FIG. 1 illustrates an example computing system 100 that includes a memory sub-system 110 in accordance with some embodiments of the present disclosure. The memory sub-system 110 can include media, such as one or more volatile memory devices (e.g., memory device 140), one or more non-volatile memory devices (e.g., memory device 130), or a combination of such.

A memory sub-system 110 can be a storage device, a memory module, or a combination of a storage device and memory module. Examples of a storage device include a solid-state drive (SSD), a flash drive, a universal serial bus (USB) flash drive, an embedded Multi-Media Controller (eMMC) drive, a Universal Flash Storage (UFS) drive, a secure digital (SD) card, and a hard disk drive (HDD). Examples of memory modules include a dual in-line memory module (DIMM), a small outline DIMM (SO-DIMM), and various types of non-volatile dual in-line memory modules (NVDIMMs).

The computing system 100 can be a computing device such as a desktop computer, laptop computer, network server, mobile device, a vehicle (e.g., airplane, drone, train, automobile, or other conveyance), Internet of Things (IoT) enabled device, embedded computer (e.g., one included in a vehicle, industrial equipment, or a networked commercial device), or such computing device that includes memory and a processing device.

The computing system 100 can include a host system 120 that is coupled to one or more memory sub-systems 110. In some embodiments, the host system 120 is coupled to different types of memory sub-system 110. FIG. 1 illustrates one example of a host system 120 coupled to one memory sub-system 110. As used herein, “coupled to” or “coupled with” generally refers to a connection between components, which can be an indirect communicative connection or direct communicative connection (e.g., without intervening components), whether wired or wireless, including connections such as electrical, optical, magnetic, etc.

The host system 120 can include a processor chipset and a software stack executed by the processor chipset.
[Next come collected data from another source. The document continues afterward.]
(* Let $\boldsymbol{X}\in\mathcal{S}^{n\times n}$ have pairwise distinct eigenvalues, let $\delta'>0$, and let $\boldsymbol{X}=\boldsymbol{Q}_x\operatorname{Diag}(\boldsymbol{\lambda}(\boldsymbol{X}))\boldsymbol{Q}_x^\top$ with $\boldsymbol{Q}_x\in\mathcal{O}(n,n)$ be a spectral decomposition. Then there exists $\delta''>0$ such that $$\boldsymbol{B}(\boldsymbol{X},\delta'')\subset\boldsymbol{B}\big((\boldsymbol{Q}_x,\boldsymbol{\lambda}(\boldsymbol{X})),\delta'\big).$$
   Context: $\mathcal{S}^{n\times n}$ denotes the real symmetric $n\times n$ matrices, $\mathcal{O}(n,n)$ the real orthogonal $n\times n$ matrices, and $\boldsymbol{\lambda}(\boldsymbol{X})$ the vector of eigenvalues of $\boldsymbol{X}$ in nonincreasing order. Let $\mathbb{R}^n_{\geq}=\{\boldsymbol{x}\in\mathbb{R}^n: x_1\ge\cdots\ge x_n\}$. For $\boldsymbol{Q}\in\mathcal{O}(n,n)$, $\boldsymbol{\lambda}\in\mathbb{R}^n_\geq$ and $\delta>0$, $\boldsymbol{B}((\boldsymbol{Q},\boldsymbol{\lambda}),\delta):=\{\bar{\boldsymbol{Q}}\operatorname{Diag}(\bar{\boldsymbol{\lambda}})\bar{\boldsymbol{Q}}^\top : \|\bar{\boldsymbol{Q}}-\boldsymbol{Q}\|_F\le\delta,\ \|\bar{\boldsymbol{\lambda}}-\boldsymbol{\lambda}\|\le\delta,\ \bar{\boldsymbol{Q}}\in\mathcal{O}(n,n),\ \bar{\boldsymbol{\lambda}}\in\mathbb{R}^n_\geq\}$, and $\boldsymbol{B}(\boldsymbol{X},\delta):=\{\bar{\boldsymbol{X}}\in\mathcal{S}^{n\times n}:\|\bar{\boldsymbol{X}}-\boldsymbol{X}\|_F\le\delta\}$. *)

From HB Require Import structures.
From mathcomp Require Import all_boot all_order all_algebra.
From mathcomp Require Import reals.
Set Implicit Arguments. Unset Strict Implicit. Unset Printing Implicit Defensive.
Import Order.TTheory GRing.Theory Num.Theory.
Local Open Scope ring_scope.

Section Defs.
Variable R : realType.

Definition is_symm n (X : 'M[R]_n) : Prop := X^T = X.

Definition is_orth n (Q : 'M[R]_n) : Prop := Q *m Q^T = 1%:M /\ Q^T *m Q = 1%:M.

Definition frob m n (A : 'M[R]_(m, n)) : R :=
  Num.sqrt (\sum_(i < m) \sum_(j < n) A i j ^+ 2).

Definition vnorm n (v : 'rV[R]_n) : R := Num.sqrt (\sum_(j < n) v 0 j ^+ 2).

Definition nonincr n (v : 'rV[R]_n) : Prop :=
  forall i j : 'I_n, (i <= j)%N -> v 0 j <= v 0 i.

Definition is_eigvals n (X : 'M[R]_n) (lam : 'rV[R]_n) : Prop :=
  nonincr lam /\ char_poly X = \prod_(i < n) ('X - (lam 0 i)%:P).

Definition ballQL n (Q : 'M[R]_n) (lam : 'rV[R]_n) (d : R) : 'M[R]_n -> Prop :=
  fun Y => exists (Qb : 'M[R]_n) (lb : 'rV[R]_n),
    [/\ frob (Qb - Q) <= d, vnorm (lb - lam) <= d, is_orth Qb, nonincr lb
      & Y = Qb *m diag_mx lb *m Qb^T].

Definition ballX n (X : 'M[R]_n) (d : R) : 'M[R]_n -> Prop :=
  fun Y => is_symm Y /\ frob (Y - X) <= d.

End Defs.

From HB Require Import structures.
From mathcomp Require Import all_boot all_order all_algebra.
From mathcomp Require Import reals.
From mathcomp Require Import boolp classical_sets filter topology normedtype realfun.
From mathcomp Require Import polyrcf.
From mathcomp Require Import lra.
Import Order.TTheory GRing.Theory Num.Theory.
Import numFieldNormedType.Exports.
Local Open Scope classical_set_scope.
Local Open Scope ring_scope.

(* Write q_i for the columns of Q_x.  Near X the characteristic polynomial of Y
   changes sign around every lambda_i, so it has a root mu_i close to lambda_i;
   the mu_i are then simple and ordered like the lambda_i, i.e. mu = lambda(Y).
   By Cayley-Hamilton, w_i = prod_(j <> i) (Y - mu_j) q_i is a mu_i-eigenvector
   of Y; it depends continuously on (Y, mu) and equals c_i q_i at (X, lambda),
   with c_i = prod_(j <> i) (lambda_i - lambda_j) <> 0.  Normalised, and signed
   like c_i, the w_i are orthonormal (Y is symmetric and the mu_i distinct) and
   tend to the q_i: they are the columns of the sought Qbar. *)

Lemma mulmx_prod_eigenvector {R : comPzRingType} {n} {Y : 'M[R]_n} {v : 'cV_n} {a : R} :
  Y *m v = a *: v -> forall (I : Type) (r : seq I) (P : pred I) (f : I -> R),
  (\prod_(j <- r | P j) (Y - (f j)%:M)) *m v = (\prod_(j <- r | P j) (a - f j)) *: v.
Proof.
move=> Yv I r P f; elim: r => [|j r IHr]; first by rewrite !big_nil mul1mx scale1r.
rewrite !big_cons; case: (P j) => //.
rewrite -mulmxE -mulmxA IHr -scalemxAr mulmxBl Yv mul_scalar_mx -scalerBl.
by rewrite scalerA mulrC.
Qed.

Lemma char_poly_prod_roots {R : fieldType} {n} {Y : 'M[R]_n} {mu : 'rV_n} :
  (forall i, root (char_poly Y) (mu 0 i)) -> injective (mu 0) ->
  char_poly Y = \prod_i ('X - (mu 0 i)%:P).
Proof.
move=> mu_roots mu_inj.
have := @all_roots_prod_XsubC _ (char_poly Y) [seq mu 0 i | i <- enum 'I_n].
rewrite size_map size_enum_ord size_char_poly => /(_ erefl) ->.
- by rewrite (monicP (char_poly_monic Y)) scale1r big_map big_enum.
- by apply/allP => _ /mapP [i _ ->]; exact: mu_roots.
- by rewrite uniq_rootsE map_inj_uniq ?enum_uniq.
Qed.

Lemma horner_char_poly {R : comNzRingType} {n} (Y : 'M[R]_n) t :
  (char_poly Y).[t] = \det (t%:M - Y).
Proof.
rewrite /char_poly -horner_evalE -det_map_mx; congr (\det _); apply/matrixP => i j.
by rewrite !mxE /= horner_evalE hornerD hornerN hornerMn hornerX hornerC.
Qed.

(* When the mu_j are the eigenvalues of Y, this is a scalar multiple of the
   spectral projector of Y onto its mu_i-eigenspace. *)
Definition eigenfilter {R : pzRingType} {n} (Y : 'M[R]_n) (mu : 'rV_n) i : 'M_n :=
  \prod_(j | j != i) (Y - (mu 0 j)%:M).

Lemma eigenfilter_eigen {R : comNzRingType} {n} {Y : 'M[R]_n.+1} {mu : 'rV_n.+1} i
    (v : 'cV_n.+1) :
  char_poly Y = \prod_j ('X - (mu 0 j)%:P) ->
  Y *m (eigenfilter Y mu i *m v) = mu 0 i *: (eigenfilter Y mu i *m v).
Proof.
move=> charY.
have annihilate : (Y - (mu 0 i)%:M) *m eigenfilter Y mu i = 0.
  have := Cayley_Hamilton Y; rewrite charY (bigD1 i) //= rmorphM rmorph_prod /=.
  rewrite rmorphB /= horner_mx_X horner_mx_C mulmxE.
  by under eq_bigr do rewrite rmorphB /= horner_mx_X horner_mx_C.
apply/eqP; rewrite -subr_eq0 -mul_scalar_mx -mulmxBl mulmxA annihilate.
by rewrite mul0mx.
Qed.

Lemma symmetric_eigenvectors_orthogonal {R : fieldType} {n} {Y : 'M[R]_n}
    {u v : 'cV_n} {a b : R} :
  Y^T = Y -> Y *m u = a *: u -> Y *m v = b *: v -> a != b -> u^T *m v = 0.
Proof.
move=> Ysym Yu Yv ab.
have : (a - b) *: (u^T *m v) = 0.
  rewrite scalerBl scalemxAl -linearZ /= -Yu trmx_mul Ysym -mulmxA Yv.
  by rewrite scalemxAr subrr.
by move/eqP; rewrite scaler_eq0 subr_eq0 (negPf ab) => /eqP.
Qed.

Lemma trmx_mul_entry {R : pzSemiRingType} {m n p} (A : 'M[R]_(m, n)) (B : 'M[R]_(m, p))
    i j :
  (A^T *m B) i j = ((col i A)^T *m col j B) 0 0.
Proof. by rewrite !mxE; apply: eq_bigr => k _; rewrite !mxE. Qed.

Lemma col_mulmx {R : pzSemiRingType} {m n p} (A : 'M[R]_(m, n)) (B : 'M[R]_(n, p)) i :
  col i (A *m B) = A *m col i B.
Proof. by rewrite !colE mulmxA. Qed.

Lemma mulmx_diag_colP {R : comPzSemiRingType} {n} (Y M : 'M[R]_n) (d : 'rV_n) :
  Y *m M = M *m diag_mx d <-> forall i, Y *m col i M = d 0 i *: col i M.
Proof.
split=> [YM i|Ycol].
  by rewrite -col_mulmx YM mul_mx_diag; apply/colP => k; rewrite !mxE mulrC.
apply/matrixP => k i; rewrite mul_mx_diag mxE.
by have := congr1 (fun v : 'cV[R]_n => v k 0) (Ycol i); rewrite -col_mulmx !mxE mulrC.
Qed.

Lemma exists_separation {R : realDomainType} {I : finType} (x : I -> R) :
  (forall i j, i != j -> x i != x j) ->
  exists2 g : R, 0 < g & forall i j, i != j -> g <= `|x i - x j|.
Proof.
move=> x_inj.
exists (\big[Order.min/1]_(ij : I * I | ij.1 != ij.2) `|x ij.1 - x ij.2|).
  apply: (big_ind (fun y : R => 0 < y)) => // [y z y_gt0 z_gt0|ij ij_neq].
    by rewrite lt_min y_gt0 z_gt0.
  by rewrite normr_gt0 subr_eq0 x_inj.
move=> i j ij.
exact: (@bigmin_le_cond _ _ _ 1 (i, j) (fun ij : I * I => ij.1 != ij.2)
  (fun ij => `|x ij.1 - x ij.2|) ij).
Qed.

Lemma prod_XsubC_sign_change {R : realDomainType} {n} (lam : 'rV[R]_n) i eta :
  0 < eta -> (forall j, j != i -> eta < `|lam 0 i - lam 0 j|) ->
  (\prod_j ('X - (lam 0 j)%:P)).[lam 0 i - eta] *
    (\prod_j ('X - (lam 0 j)%:P)).[lam 0 i + eta] < 0.
Proof.
move=> eta_gt0 sep; rewrite !horner_prod -big_split /= (bigD1 i) //= !hornerXsubC.
rewrite pmulr_llt0; first nra.
apply: prodr_gt0 => j ji; have := sep j ji; rewrite !hornerXsubC.
by case: (lerP 0 (lam 0 i - lam 0 j)) => ?;
  [rewrite ger0_norm | rewrite ltr0_norm]; nra.
Qed.

Section Frobenius.
Context {R : realType}.

Lemma frob_sqr {m n} (A : 'M[R]_(m, n)) : frob A ^+ 2 = \sum_i \sum_j A i j ^+ 2.
Proof.
by rewrite sqr_sqrtr // sumr_ge0 // => i _; rewrite sumr_ge0 // => j _; rewrite sqr_ge0.
Qed.

Lemma frob0 {m n} : frob (0 : 'M[R]_(m, n)) = 0.
Proof.
by rewrite /frob big1 ?sqrtr0 // => i _; rewrite big1 // => j _; rewrite mxE expr0n.
Qed.

Lemma frobZ {m n} a (A : 'M[R]_(m, n)) : frob (a *: A) = `|a| * frob A.
Proof.
rewrite /frob -sqrtr_sqr -sqrtrM ?sqr_ge0 // mulr_sumr; congr Num.sqrt.
by apply: eq_bigr => i _; rewrite mulr_sumr; apply: eq_bigr => j _; rewrite mxE exprMn.
Qed.

Lemma frob_entry {m n} (A : 'M[R]_(m, n)) i j : `|A i j| <= frob A.
Proof.
rewrite /frob -(sqrtr_sqr (A i j)) ler_wsqrtr // (bigD1 i) //= (bigD1 j) //=.
rewrite -addrA lerDl addr_ge0 ?sumr_ge0 // => [k _|k _].
  exact: sqr_ge0.
by rewrite sumr_ge0 // => l _; exact: sqr_ge0.
Qed.

Lemma vnorm_frob {n} (v : 'rV[R]_n) : vnorm v = frob v.
Proof. by rewrite /vnorm /frob big_ord1. Qed.

Lemma trmx_mul_self {n} (v : 'cV[R]_n) : (v^T *m v) 0 0 = frob v ^+ 2.
Proof.
rewrite frob_sqr mxE; apply: eq_bigr => k _.
by rewrite big_ord1 mxE expr2.
Qed.

Lemma frob_col_orthogonal {n} {Q : 'M[R]_n} i : Q^T *m Q = 1%:M -> frob (col i Q) = 1.
Proof.
move=> QTQ; apply/eqP; rewrite -sqrp_eq1 ?sqrtr_ge0 //.
by rewrite -trmx_mul_self -trmx_mul_entry QTQ mxE eqxx.
Qed.

End Frobenius.

Section Eigenframe.
Context {R : realType} {n : nat} (Qx : 'M[R]_n.+1) (lam : 'rV[R]_n.+1).
Implicit Types (Y : 'M[R]_n.+1) (mu : 'rV[R]_n.+1).

Definition lagrange_coef i := \prod_(j | j != i) (lam 0 i - lam 0 j).

Definition filtered_col Y mu i : 'cV_n.+1 := eigenfilter Y mu i *m col i Qx.

(* The sign makes the limit at the unperturbed point equal to [col i Qx],
   not its opposite. *)
Definition unit_eigvec Y mu i : 'cV_n.+1 :=
  ((-1) ^+ (lagrange_coef i < 0)%R / frob (filtered_col Y mu i)) *:
    filtered_col Y mu i.

Definition eigframe Y mu : 'M[R]_n.+1 := \matrix_(k, i) unit_eigvec Y mu i k 0.

Lemma col_eigframe Y mu i : col i (eigframe Y mu) = unit_eigvec Y mu i.
Proof. by apply/colP => k; rewrite !mxE. Qed.

Lemma frob_unit_eigvec Y mu i :
  frob (filtered_col Y mu i) != 0 -> frob (unit_eigvec Y mu i) = 1.
Proof.
move=> nz; rewrite frobZ normrM normr_sign mul1r normfV.
by rewrite ger0_norm ?sqrtr_ge0 // mulVf.
Qed.

Lemma unit_eigvec_eigen {Y mu} i :
  char_poly Y = \prod_j ('X - (mu 0 j)%:P) ->
  Y *m unit_eigvec Y mu i = mu 0 i *: unit_eigvec Y mu i.
Proof.
by move=> charY; rewrite -scalemxAr eigenfilter_eigen // !scalerA mulrC.
Qed.

Lemma eigframe_eigen {Y mu} :
  char_poly Y = \prod_j ('X - (mu 0 j)%:P) ->
  Y *m eigframe Y mu = eigframe Y mu *m diag_mx mu.
Proof.
by move=> charY; apply/mulmx_diag_colP => i; rewrite col_eigframe unit_eigvec_eigen.
Qed.

Lemma eigframe_orthonormal {Y mu} :
  Y^T = Y -> char_poly Y = \prod_j ('X - (mu 0 j)%:P) -> injective (mu 0) ->
  (forall i, frob (filtered_col Y mu i) != 0) ->
  (eigframe Y mu)^T *m eigframe Y mu = 1%:M.
Proof.
move=> Ysym charY mu_inj nz; apply/matrixP => i j.
rewrite trmx_mul_entry !col_eigframe [RHS]mxE.
have [<-|ij] := eqVneq i j; first by rewrite trmx_mul_self frob_unit_eigvec ?expr1n.
by rewrite (symmetric_eigenvectors_orthogonal Ysym (unit_eigvec_eigen i charY)
  (unit_eigvec_eigen j charY)) ?mxE ?(inj_eq mu_inj).
Qed.

End Eigenframe.

Section EntrywiseLimits.
Context {R : realType} {T : Type} {F : set_system T} {FF : Filter F}.

Lemma cvg_sum {I : Type} (r : seq I) (P : pred I) {f : I -> T -> R} {a : I -> R} :
  (forall i, f i x @[x --> F] --> a i) ->
  \sum_(i <- r | P i) f i x @[x --> F] --> \sum_(i <- r | P i) a i.
Proof. by move=> fa; exact: (cvg_big add_continuous FF (fun i _ => fa i)). Qed.

Lemma cvg_prod {I : Type} (r : seq I) (P : pred I) {f : I -> T -> R} {a : I -> R} :
  (forall i, f i x @[x --> F] --> a i) ->
  \prod_(i <- r | P i) f i x @[x --> F] --> \prod_(i <- r | P i) a i.
Proof. by move=> fa; exact: (cvg_big mul_continuous FF (fun i _ => fa i)). Qed.

Definition mx_cvg {m k} (A : T -> 'M[R]_(m, k)) (A0 : 'M[R]_(m, k)) :=
  forall i j, A x i j @[x --> F] --> A0 i j.

Lemma mx_cvg_cst {m k} (A0 : 'M[R]_(m, k)) : mx_cvg (fun=> A0) A0.
Proof. by move=> i j; exact: cvg_cst. Qed.

Lemma mx_cvgB {m k} {A B : T -> 'M[R]_(m, k)} {A0 B0} :
  mx_cvg A A0 -> mx_cvg B B0 -> mx_cvg (fun x => A x - B x) (A0 - B0).
Proof.
by move=> AA0 BB0 i j; rewrite !mxE; under eq_cvg do rewrite !mxE; exact: cvgB.
Qed.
The processor chipset can include one or more cores, one or more caches, a memory controller (e.g., NVDIMM controller), and a storage protocol controller (e.g., PCIe controller, SATA controller, CXL controller). The host system 120 uses the memory sub-system 110, for example, to write data to the memory sub-system 110 and read data from the memory sub-system 110.

The host system 120 can be coupled to the memory sub-system 110 via a physical host interface. Examples of a physical host interface include, but are not limited to, a serial advanced technology attachment (SATA) interface, a compute express link (CXL) interface, a peripheral component interconnect express (PCIe) interface, universal serial bus (USB) interface, Fibre Channel, Serial Attached SCSI (SAS), a double data rate (DDR) memory bus, Small Computer System Interface (SCSI), a dual in-line memory module (DIMM) interface (e.g., DIMM socket interface that supports Double Data Rate (DDR)), etc. The physical host interface can be used to transmit data between the host system 120 and the memory sub-system 110. The host system 120 can further utilize an NVM Express (NVMe) interface to access the memory components (e.g., the one or more memory device(s) 130) when the memory sub-system 110 is coupled with the host system 120 by the physical host interface (e.g., PCIe or CXL bus). The physical host interface can provide an interface for passing control, address, data, and other signals between the memory sub-system 110 and the host system 120. FIG. 1 illustrates a memory sub-system 110 as an example. In general, the host system 120 can access multiple memory sub-systems via a same communication connection, multiple separate communication connections, and/or a combination of communication connections.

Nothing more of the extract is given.